Именно эта перемена, эта нынешняя повсеместность спектакля как организующего принципа индустрии культуры является тем фактором, который теперь дробит поле искусства в первую очередь. Здесь, как правило, пролегает трещина между формальным и социальным. «Умеренный модерн» (citra-modem) можно фактически определить как то, что приспособляется или обращается к театральности, а «ультра-модерн» — как то, что отказывается от нее или стремится ее избежать. Невозможно отделить возвращение орнаментализма от давления этой среды. «Низкое» и «высокое» приобретают здесь иные значения: они обозначают теперь не столько различие между простонародным и элитарным, сколько различие между рынком и теми, кто им управляет. Не то чтобы связь между отношением произведения к демаркационной линии «низкое — высокое» и его успехом была здесь проще, чем в модерне. Эстетическое качество продолжает, как всегда, отличаться от позиции художника. Однако можно утверждать с высокой степенью уверенности, что в постмодерне «умеренность» неизбежно доминирует над «ультровостью». Ибо рынок создает свое собственное предложение в объеме, значительно превышающем все те практики, которые могут ему сопротивляться. Спектакль, по определению, есть то, что очаровывает социальный максимум.

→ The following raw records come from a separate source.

(* Under the standing setup, let $\hat V_\tau$ be the extended heuristic on all of $\mathbb R^D$. Then: (i) for every $t\in\{0,\dots,T-2\}$, $l\in\{0,\dots,k\}$, $s\in\mathbb R^D$ and $a\in\mathcal A'_{l,t}$, writing $(s_a,l_a)=F^+_{\tau,t}((s,l),a)$, $$\hat V_\tau(s,l,t)\ge R(s,a)+\hat V_\tau(s_a,l_a,t+1);$$ (ii) for every $l\in\{0,\dots,k\}$, $s\in\mathbb R^D$ and $a\in\mathcal A'_{l,T-1}$, $\hat V_\tau(s,l,T-1)\ge R(s,a)+\hat V_\tau(\cdot,k,T)=R(s,a)$. In other words, $\hat V_\tau$ is a consistent heuristic for the search graph whose nodes are $(s,l,t)$ and whose edges are labeled by $a\in\mathcal A'_{l,t}$, carry reward $R(s,a)$, and lead to $(s_a,l_a,t+1)$ (or to a goal node at time $T$ when $t=T-1$).
   Context: Standing setup: state space $\mathcal S=\mathbb R^D$, finite action set $\mathcal A$, horizon $T\ge2$, noise space $\mathcal U$. A transition mechanism $g_S:\mathcal S\times\mathcal A\times\mathcal U\to\mathcal S$ is bijective in its last argument, with inverse $g_S^{-1}:\mathcal S\times\mathcal A\times\mathcal S\to\mathcal U$ satisfying $u=g_S^{-1}(s,a,s')$ whenever $s'=g_S(s,a,u)$. Reward $R:\mathcal S\times\mathcal A\to\mathbb R$. Lipschitz assumption: for each $a\in\mathcal A,u\in\mathcal U$ there is $K_{a,u}\ge0$ with $\|g_S(s,a,u)-g_S(s',a,u)\|\le K_{a,u}\|s-s'\|$, and for each $a$ there is $C_a\ge0$ with $|R(s,a)-R(s',a)|\le C_a\|s-s'\|$, for all $s,s'\in\mathcal S$ (Euclidean norm). An observed episode $\tau$ consists of states $s_0,\dots,s_{T-1}$ and actions $a_0,\dots,a_{T-1}$; put $u_t=g_S^{-1}(s_t,a_t,s_{t+1})$ for $t=0,\dots,T-2$. Fix a budget $k\in\{0,\dots,T\}$. For $t\le T-2$ define $F^+_{\tau,t}((s,l),a)=\big(g_S(s,a,u_t),\,l+\mathbf 1[a\ne a_t]\big)$. Constants: $K_{u_t}=\max_{a}K_{a,u_t}$, $C=\max_a C_a$, $L_{T-1}=C$, $L_t=C+L_{t+1}K_{u_t}$ for $t\le T-2$. For $l\in\{0,\dots,k\}$ and time $t$, let $\mathcal A'_{l,t}=\{a_t\}$ if $l=k$ and $\mathcal A'_{l,t}=\mathcal A$ if $l<k$. Let $\mathcal S_\dagger\subset\mathbb R^D$ be a finite nonempty anchor set. Anchor recursion (for $s\in\mathcal S_\dagger$): $\hat V_\tau(s,l,T-1)=\max_{a\in\mathcal A}R(s,a)$ for $l<k$ and $\hat V_\tau(s,k,T-1)=R(s,a_{T-1})$; for $t=T-2,\dots,0$, $\hat V_\tau(s,l,t)=\max_{a\in\mathcal A'_{l,t}}\{R(s,a)+\min_{s_\dagger\in\mathcal S_\dagger}\{\hat V_\tau(s_\dagger,l_a,t+1)+L_{t+1}\|s_\dagger-s_a\|\}\}$ with $(s_a,l_a)=F^+_{\tau,t}((s,l),a)$. Extended heuristic (for all $s\in\mathbb R^D$): $\hat V_\tau(s,l,T)=0$; $\hat V_\tau(s,l,T-1)=\max_{a\in\mathcal A'_{l,T-1}}R(s,a)$; and for $t\le T-2$, $\hat V_\tau(s,l,t)=\max_{a\in\mathcal A'_{l,t}}\{R(s,a)+\min_{s_\dagger\in\mathcal S_\dagger}\{\hat V_\tau(s_\dagger,l_a,t+1)+L_{t+1}\|s_\dagger-s_a\|\}\}$, where the values $\hat V_\tau(s_\dagger,\cdot,t+1)$ at anchors are those of the anchor recursion (which coincide with the extended formula on anchors). *)

From HB Require Import structures.
From mathcomp Require Import all_boot all_order all_algebra.
From mathcomp Require Import reals.
Set Implicit Arguments. Unset Strict Implicit. Unset Printing Implicit Defensive.
Import Order.TTheory GRing.Theory Num.Theory.
Local Open Scope ring_scope.

Definition enorm (R : realType) (D : nat) (x : 'rV[R]_D) : R :=
  Num.sqrt (\sum_(i < D) (x ord0 i) ^+ 2).

Section Heuristic.
Variables (R : realType) (D : nat) (A : finType) (U : Type).
Variable (T : nat).
Variable (g : 'rV[R]_D -> A -> U -> 'rV[R]_D).
Variable (ginv : 'rV[R]_D -> A -> 'rV[R]_D -> U).
Variable (Rw : 'rV[R]_D -> A -> R).
Variable (K : A -> U -> R) (C : A -> R).
Variable (st : nat -> 'rV[R]_D) (acts : nat -> A).
Variable (k : nat).
Variable (anchors : seq 'rV[R]_D).

Definition noise (t : nat) : U := ginv (st t) (acts t) (st t.+1).

Definition Fplus (t : nat) (s : 'rV[R]_D) (l : nat) (a : A) : 'rV[R]_D * nat :=
  (g s a (noise t), l + (a != acts t)).

(* K_{u_t} = max_a K_{a,u_t}, C = max_a C_a (the K, C are nonnegative) *)
Definition Ku (t : nat) : R := \big[Num.max/0]_(a : A) K a (noise t).
Definition Cmax : R := \big[Num.max/0]_(a : A) C a.

(* Laux n = L_{T-1-n}: L_{T-1} = C, L_t = C + L_{t+1} K_{u_t} *)
Fixpoint Laux (n : nat) : R :=
  match n with
  | 0 => Cmax
  | n'.+1 => Cmax + Laux n' * Ku (T - 2 - n')
  end.
Definition L (t : nat) : R := Laux (T - 1 - t).

Definition inAprime (l t : nat) (a : A) : bool :=
  if l == k then a == acts t else true.

Definition maxAprime (l t : nat) (f : A -> R) : R :=
  if l == k then f (acts t) else \big[Num.max/f (acts t)]_(a : A) f a.

Definition minAnchors (f : 'rV[R]_D -> R) : R :=
  \big[Num.min/f (head 0 anchors)]_(x <- anchors) f x.

(* Vaux n s l = hat V_tau(s, l, T-1-n), the extended heuristic (which
   coincides with the anchor recursion on anchors) *)
Fixpoint Vaux (n : nat) (s : 'rV[R]_D) (l : nat) : R :=
  match n with
  | 0 => maxAprime l (T - 1) (fun a => Rw s a)
  | n'.+1 =>
      let t := (T - 2 - n')%N in
      maxAprime l t (fun a =>
        Rw s a + minAnchors (fun sd =>
          Vaux n' sd (Fplus t s l a).2 + L t.+1 * enorm (sd - (Fplus t s l a).1)))
  end.

(* hat V_tau(s, l, t); equal to 0 at t = T (and, irrelevantly, for t > T) *)
Definition Vhat (s : 'rV[R]_D) (l t : nat) : R :=
  if (t < T)%N then Vaux (T - 1 - t) s l else 0.

End Heuristic.

From Pilot Require Import Defs.
From HB Require Import structures.
From mathcomp Require Import all_boot all_order all_algebra.
From mathcomp Require Import reals ring lra zify.
Import Order.TTheory GRing.Theory Num.Theory.
Local Open Scope ring_scope.

(* The heart of the argument is a one-sided Lipschitz estimate: for every
   time t <= T-1 and budget l, the map s |-> hat V(s, l, t) is L_t-Lipschitz,
      hat V(s, l, t) <= hat V(s', l, t) + L_t ||s' - s||.
   It is proved by induction on the number T-1-t of remaining steps: the
   reward contributes C ||s' - s||, and moving the start state moves every
   successor g_S(s, a, u_t) by at most K_{u_t} ||s' - s||, which the anchor
   term L_{t+1} ||s_dagger - s_a|| converts into L_{t+1} K_{u_t} ||s' - s||;
   the recursion L_t = C + L_{t+1} K_{u_t} is exactly what closes the
   induction.  Consistency (i) follows at once: hat V(s, l, t) dominates the
   value of the edge a, i.e. R(s, a) + min over anchors of
   hat V(s_dagger, l_a, t+1) + L_{t+1} ||s_dagger - s_a||, and each anchor
   term is >= hat V(s_a, l_a, t+1) by the Lipschitz estimate at t+1.
   Statement (ii) only unfolds the definition at t = T-1 and t = T. *)

Section EuclideanNorm.
Context {R : realType}.

(* Cauchy-Schwarz, from Lagrange's identity
   sum_{i,j} (f_i g_j - f_j g_i)^2 = 2 (|f|^2 |g|^2 - <f, g>^2). *)
Lemma cauchy_schwarz_sum (n : nat) (f g : 'I_n -> R) :
  (\sum_i f i * g i) ^+ 2 <= (\sum_i f i ^+ 2) * (\sum_i g i ^+ 2).
Proof.
have lagrange : \sum_i \sum_j (f i * g j - f j * g i) ^+ 2 =
    2 * ((\sum_i f i ^+ 2) * (\sum_i g i ^+ 2) - (\sum_i f i * g i) ^+ 2).
  have expand i j : (f i * g j - f j * g i) ^+ 2 =
      f i ^+ 2 * g j ^+ 2 + g i ^+ 2 * f j ^+ 2 - 2 * ((f i * g i) * (f j * g j)).
    by rewrite !expr2; ring.
  under eq_bigr => i _ do under eq_bigr => j _ do rewrite expand.
  under eq_bigr => i _ do rewrite sumrB big_split /= -!mulr_sumr.
  rewrite sumrB big_split /= -!mulr_suml -mulr_sumr -mulr_suml.
  by rewrite [X in _ = 2 * (_ - X)]expr2; ring.
have : 0 <= \sum_i \sum_j (f i * g j - f j * g i) ^+ 2.
  by apply: sumr_ge0 => i _; apply: sumr_ge0 => j _; apply: sqr_ge0.
by rewrite lagrange pmulr_rge0 // subr_ge0.
Qed.

Lemma enorm_ge0 (n : nat) (x : 'rV[R]_n) : 0 <= enorm x.
Proof. exact: sqrtr_ge0. Qed.

Lemma enorm_triangle {n : nat} (u v : 'rV[R]_n) :
  enorm (u + v) <= enorm u + enorm v.
Proof.
rewrite /enorm; set su := \sum_(i < n) u ord0 i ^+ 2; set sv := \sum_(i < n) v ord0 i ^+ 2.
have su0 : 0 <= su by apply: sumr_ge0 => i _; apply: sqr_ge0.
have sv0 : 0 <= sv by apply: sumr_ge0 => i _; apply: sqr_ge0.
have rhs0 : 0 <= Num.sqrt su + Num.sqrt sv by rewrite addr_ge0 ?sqrtr_ge0.
have expand : \sum_(i < n) (u + v) ord0 i ^+ 2 =
    su + 2 * \sum_(i < n) u ord0 i * v ord0 i + sv.
  rewrite mulr_sumr -!big_split /=; apply: eq_bigr => i _; rewrite mxE; ring.
have dot_le : \sum_(i < n) u ord0 i * v ord0 i <= Num.sqrt su * Num.sqrt sv.
  rewrite -sqrtrM //; apply: le_trans (ler_norm _) _.
  by rewrite -sqrtr_sqr ler_sqrt ?mulr_ge0 //; apply: cauchy_schwarz_sum.
rewrite -(ger0_norm rhs0) -sqrtr_sqr ler_sqrt ?sqr_ge0 //.
by rewrite expand sqrrD !sqr_sqrtr //; lra.
Qed.

End EuclideanNorm.

Section Consistency.
Variables (R : realType) (D : nat) (A : finType) (U : Type) (T : nat)
  (g : 'rV[R]_D -> A -> U -> 'rV[R]_D) (ginv : 'rV[R]_D -> A -> 'rV[R]_D -> U)
  (Rw : 'rV[R]_D -> A -> R) (K : A -> U -> R) (C : A -> R)
  (st : nat -> 'rV[R]_D) (acts : nat -> A) (k : nat) (anchors : seq 'rV[R]_D).
Hypothesis g_lipschitz :
  forall a u s s', enorm (g s a u - g s' a u) <= K a u * enorm (s - s').
Hypothesis Rw_lipschitz :
  forall a s s', `|Rw s a - Rw s' a| <= C a * enorm (s - s').
Hypothesis anchors_nonempty : anchors != [::].

Local Notation Vaux := (Vaux T g ginv Rw K C st acts k anchors).
Local Notation Vhat := (Vhat T g ginv Rw K C st acts k anchors).
Local Notation Laux := (Laux T ginv K C st acts).
Local Notation Ku := (Ku ginv K st acts).
Local Notation Fplus := (Fplus g ginv st acts).
Local Notation maxAprime := (maxAprime acts k).
Local Notation minAnchors := (minAnchors anchors).

Lemma maxAprime_ge (l t : nat) (F : A -> R) (a : A) :
  inAprime acts k l t a -> F a <= maxAprime l t F.
Proof.
by rewrite /inAprime /maxAprime; case: (l == k) => [/eqP -> //|_]; apply: le_bigmax.
Qed.

Lemma maxAprime_le_shift (l t : nat) (F G : A -> R) (c : R) :
  (forall a, F a <= G a + c) -> maxAprime l t F <= maxAprime l t G + c.
Proof.
move=> FG; rewrite /maxAprime; case: (l == k) => //.
have G_le a : G a + c <= \big[Num.max/G (acts t)]_(b : A) G b + c.
  by rewrite lerD2r; apply: le_bigmax.
by apply: bigmax_le => [|a _]; apply: le_trans (FG _) (G_le _).
Qed.

Lemma minAnchors_ge (F : 'rV[R]_D -> R) (c : R) :
  (forall sd, c <= F sd) -> c <= minAnchors F.
Proof. by move=> cF; apply: le_bigmin. Qed.

Lemma minAnchors_le_shift (F G : 'rV[R]_D -> R) (c : R) :
  (forall sd, F sd <= G sd + c) -> minAnchors F <= minAnchors G + c.
Proof.
move=> FG; rewrite -lerBlDr.
have min_le sd : sd \in anchors -> minAnchors F - c <= G sd.
  by move=> sd_in; rewrite lerBlDr; apply: le_trans (FG sd); apply: ge_bigmin_seq.
have head_in : head 0 anchors \in anchors.
  by case: anchors anchors_nonempty => // x r _; apply: mem_head.
rewrite [minAnchors G]/Defs.minAnchors big_seq.
by apply: le_bigmin => [|sd /= sd_in]; apply: min_le.
Qed.

(* C = max_a C_a is nonnegative (the max is taken starting from 0). *)
Lemma Cmax_ge0 : 0 <= Cmax C.
Proof. exact: bigmax_ge_id. Qed.

Lemma Laux_ge0 (n : nat) : 0 <= Laux n.
Proof.
elim: n => [|n IHn] /=; first exact: Cmax_ge0.
by rewrite addr_ge0 ?Cmax_ge0 // mulr_ge0 //; apply: bigmax_ge_id.
Qed.

Lemma Rw_le_shift (a : A) (s s' : 'rV[R]_D) :
  Rw s a <= Rw s' a + Cmax C * enorm (s' - s).
Proof.
have := Rw_lipschitz a s' s; rewrite distrC => lip.
have C_le : C a * enorm (s' - s) <= Cmax C * enorm (s' - s).
  by rewrite ler_wpM2r ?enorm_ge0 //; apply: le_bigmax.
have := ler_norm (Rw s a - Rw s' a); lra.
Qed.

Lemma step_dist_le_shift (t : nat) (a : A) (s s' sd : 'rV[R]_D) :
  enorm (sd - g s a (noise ginv st acts t)) <=
  enorm (sd - g s' a (noise ginv st acts t)) + Ku t * enorm (s' - s).
Proof.
set u := noise ginv st acts t.
have tri := enorm_triangle (sd - g s' a u) (g s' a u - g s a u).
rewrite addrA subrK in tri; apply: le_trans tri _; rewrite lerD2l.
apply: le_trans (g_lipschitz a u s' s) _.
by rewrite ler_wpM2r ?enorm_ge0 //; apply: le_bigmax.
Qed.

Lemma L_succ (t : nat) : L T ginv K C st acts t.+1 = Laux (T - 2 - t).
Proof. by rewrite /L; congr Laux; lia. Qed.

Lemma Vaux_le_shift (n : nat) (s s' : 'rV[R]_D) (l : nat) : (n <= T - 2)%N ->
  Vaux n s l <= Vaux n s' l + Laux n * enorm (s' - s).
Proof.
case: n => [|n] le_n /=; first by apply: maxAprime_le_shift => a; apply: Rw_le_shift.
rewrite L_succ (_ : (T - 2 - (T - 2 - n))%N = n); last by lia.
set t := (T - 2 - n)%N; set e := enorm (s' - s).
have Ln0 := Laux_ge0 n.
apply: maxAprime_le_shift => a.
have anchor_term sd :
    Vaux n sd (Fplus t s l a).2 + Laux n * enorm (sd - (Fplus t s l a).1) <=
    Vaux n sd (Fplus t s' l a).2 + Laux n * enorm (sd - (Fplus t s' l a).1)
      + Laux n * Ku t * e.
  rewrite -addrA lerD2l -mulrA -mulrDr ler_wpM2l //.
  exact: step_dist_le_shift.
have := minAnchors_le_shift _ _ _ anchor_term; have := Rw_le_shift a s s'.
by rewrite /= -/e; lra.
Qed.

Lemma Vhat_unfold (t : nat) (s : 'rV[R]_D) (l : nat) :
  (2 <= T)%N -> (t <= T - 2)%N ->
  Vhat s l t = maxAprime l t (fun a => Rw s a + minAnchors (fun sd =>
    Vhat sd (Fplus t s l a).2 t.+1
    + L T ginv K C st acts t.+1 * enorm (sd - (Fplus t s l a).1))).
Proof.
move=> le2T le_t.
have [lt_t lt_t1] : (t < T)%N /\ (t.+1 < T)%N by lia.
rewrite /Vhat lt_t lt_t1 (_ : (T - 1 - t.+1)%N = (T - 2 - t)%N); last by lia.
rewrite (_ : (T - 1 - t)%N = (T - 2 - t).+1); last by lia.
by rewrite /= (_ : (T - 2 - (T - 2 - t))%N = t); last by lia.
Qed.

Lemma Vhat_consistent_step (t l : nat) (s : 'rV[R]_D) (a : A) :
  (2 <= T)%N -> (t <= T - 2)%N -> inAprime acts k l t a ->
  Rw s a + Vhat (Fplus t s l a).1 (Fplus t s l a).2 t.+1 <= Vhat s l t.
Proof.
move=> le2T le_t adm; rewrite [Vhat s l t]Vhat_unfold //.
apply: le_trans (maxAprime_ge _ _ _ _ adm); rewrite lerD2l.
apply: minAnchors_ge => sd.
have lt_t1 : (t.+1 < T)%N by lia.
rewrite /Vhat lt_t1 (_ : (T - 1 - t.+1)%N = (T - 2 - t)%N); last by lia.
by rewrite L_succ; apply: Vaux_le_shift; lia.
Qed.

Lemma Vhat_consistent_last (l : nat) (s : 'rV[R]_D) (a : A) :
  (1 <= T)%N -> inAprime acts k l (T - 1) a ->
  Rw s a + Vhat s k T <= Vhat s l (T - 1) /\ Rw s a + Vhat s k T = Rw s a.
Proof.
move=> le1T adm; rewrite /Vhat ltnn addr0 ifT; last by lia.
by rewrite subnn; split => //; apply: maxAprime_ge.
Qed.

End Consistency.

Theorem theorem2 (R : realType) (D : nat) (A : finType) (U : Type) (T : nat)
    (g : 'rV[R]_D -> A -> U -> 'rV[R]_D) (ginv : 'rV[R]_D -> A -> 'rV[R]_D -> U)
    (Rw : 'rV[R]_D -> A -> R) (K : A -> U -> R) (C : A -> R)
    (st : nat -> 'rV[R]_D) (acts : nat -> A) (k : nat) (anchors : seq 'rV[R]_D) :
  (2 <= T)%N ->
  (k <= T)%N ->
  (* g_S is bijective in its last argument with inverse ginv *)
  (forall s a u, ginv s a (g s a u) = u) ->
  (forall s a s', g s a (ginv s a s') = s') ->
  (* Lipschitz assumptions *)
  (forall a u, 0 <= K a u) ->
  (forall a u s s', enorm (g s a u - g s' a u) <= K a u * enorm (s - s')) ->
  (forall a, 0 <= C a) ->
  (forall a s s', `|Rw s a - Rw s' a| <= C a * enorm (s - s')) ->
  (* finite nonempty anchor set *)
  anchors != [::] ->
  let V := Vhat T g ginv Rw K C st acts k anchors in
  (* (i) *)
  (forall (t l : nat) (s : 'rV[R]_D) (a : A),
      (t <= T - 2)%N -> (l <= k)%N -> inAprime acts k l t a ->
      let sa := (Fplus g ginv st acts t s l a).1 in
      let la := (Fplus g ginv st acts t s l a).2 in
      Rw s a + V sa la t.+1 <= V s l t)
  /\
  (* (ii) *)
  (forall (l : nat) (s : 'rV[R]_D) (a : A),
      (l <= k)%N -> inAprime acts k l (T - 1)%N a ->
      Rw s a + V s k T <= V s l (T - 1)%N /\ Rw s a + V s k T = Rw s a).
Proof.
move=> le2T _ _ _ _ g_lip _ Rw_lip anchors_ne V; split.
- move=> t l s a le_t _ adm.
  exact: Vhat_consistent_step g_lip Rw_lip anchors_ne _ _ _ _ le2T le_t adm.
- move=> l s a _ adm.
  exact: Vhat_consistent_last _ _ _ (ltnW le2T) adm.
Qed.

Именно этот эндемический дисбаланс внутри постмодерна всплывает в размышлениях даже самых серьезных и основательных его комментаторов. Последняя глава «Возвращения реального» имеет меланхолическое название «Что бы ни случилось с постмодернизмом?» — в том смысле, что те практики и теории, сторонником которых являлся автор, теперь уже воспринимаются как обломки, вынесенные на берег времени несущимся вперед потоком медиа25. Уоллен, осмотрев выставку, проведенную в 1997 г. Академией, обнаружил, что в момент своего триумфа искусство инсталляции все больше стандартизуется, а проблески инноваций неожиданно возвращают себе живопись в двусмысленном поединке со своим новым окружением (или: «Трения, ощущаемые в мире искусства между наследием утраченного модерна и восходящей культурой спектакля, теми преобразованными и торжествующими силами всего того, что Клемент Гринберг осудил как китч. Рождается новый мировой порядок, и мир искусства не может отделить себя от него»). В этой сложной ситуации современное искусство движимо двумя импульсами: с одной стороны, желанием «произвести переоценку традиции модерна, произвести реинкорпорирование его элементов в новую культуру постмодерна в качестве корректирующих ее», с другой стороны, стремлением «броситься вниз головой в новый соблазнительный мир популярности, коммерческого успеха и сенсационности»26. «Эти пути, — заключает Фостер, — несовместимы. Но природа вещей такова, что нет почти никаких сомнений, какому из них следует большинство».

 

Модуляции

 

Содержат ли сочинения Джеймисона о постмодерне указания на некую подобную эволюцию, расставляют ли они подобные акценты? Сходные мотивы, безусловно, присутствуют в его исследовании Адорно, которое может быть прочитано не только в соответствии со своим названием — «Поздний марксизм», но и как возрождение, в духе замечания Уоллена, диалектического наследия модерна. Джеймисон ясно высказывается по этому вопросу: «Модернизм Адорно исключает ассимиляцию со случайно-свободной игрой постмодернистской текстуальности, что равнозначно тому, что определенное понятие истины все еще сохраняется в этих вербальных или формальных материях», а его собственный пример сохраняет провокативность модерна в ее лучшем виде. «Диалектика просвещения» (каковы бы ни были ее недостатки) с ее безжалостным исследованием Голливуда напоминает нам, что «сегодня, когда триумф наиболее утопичных теорий массовой культуры кажется окончательным и практически бесповоротным, нам, вероятно, требуются коррективы в виде некоей новой теории манипуляции и собственно постмодернистского превращения [всего] в товар»27. В современных условиях то, что некогда было специфическим ограничением, стало теперь принципиальным противоядием. «Адорно был сомнительным союзником, пока еще сохранялась мощные и оппозиционные политические течения, от которых его темпераментный и придирчивый квиетизм мог отвлечь преданного читателя. Теперь, когда сами эти течения успокоились, его желчь является счастливым противоядием и разъедающей кислотой для поверхности „того, что есть“»28. Вот политический голос, отвечающий тому же зову.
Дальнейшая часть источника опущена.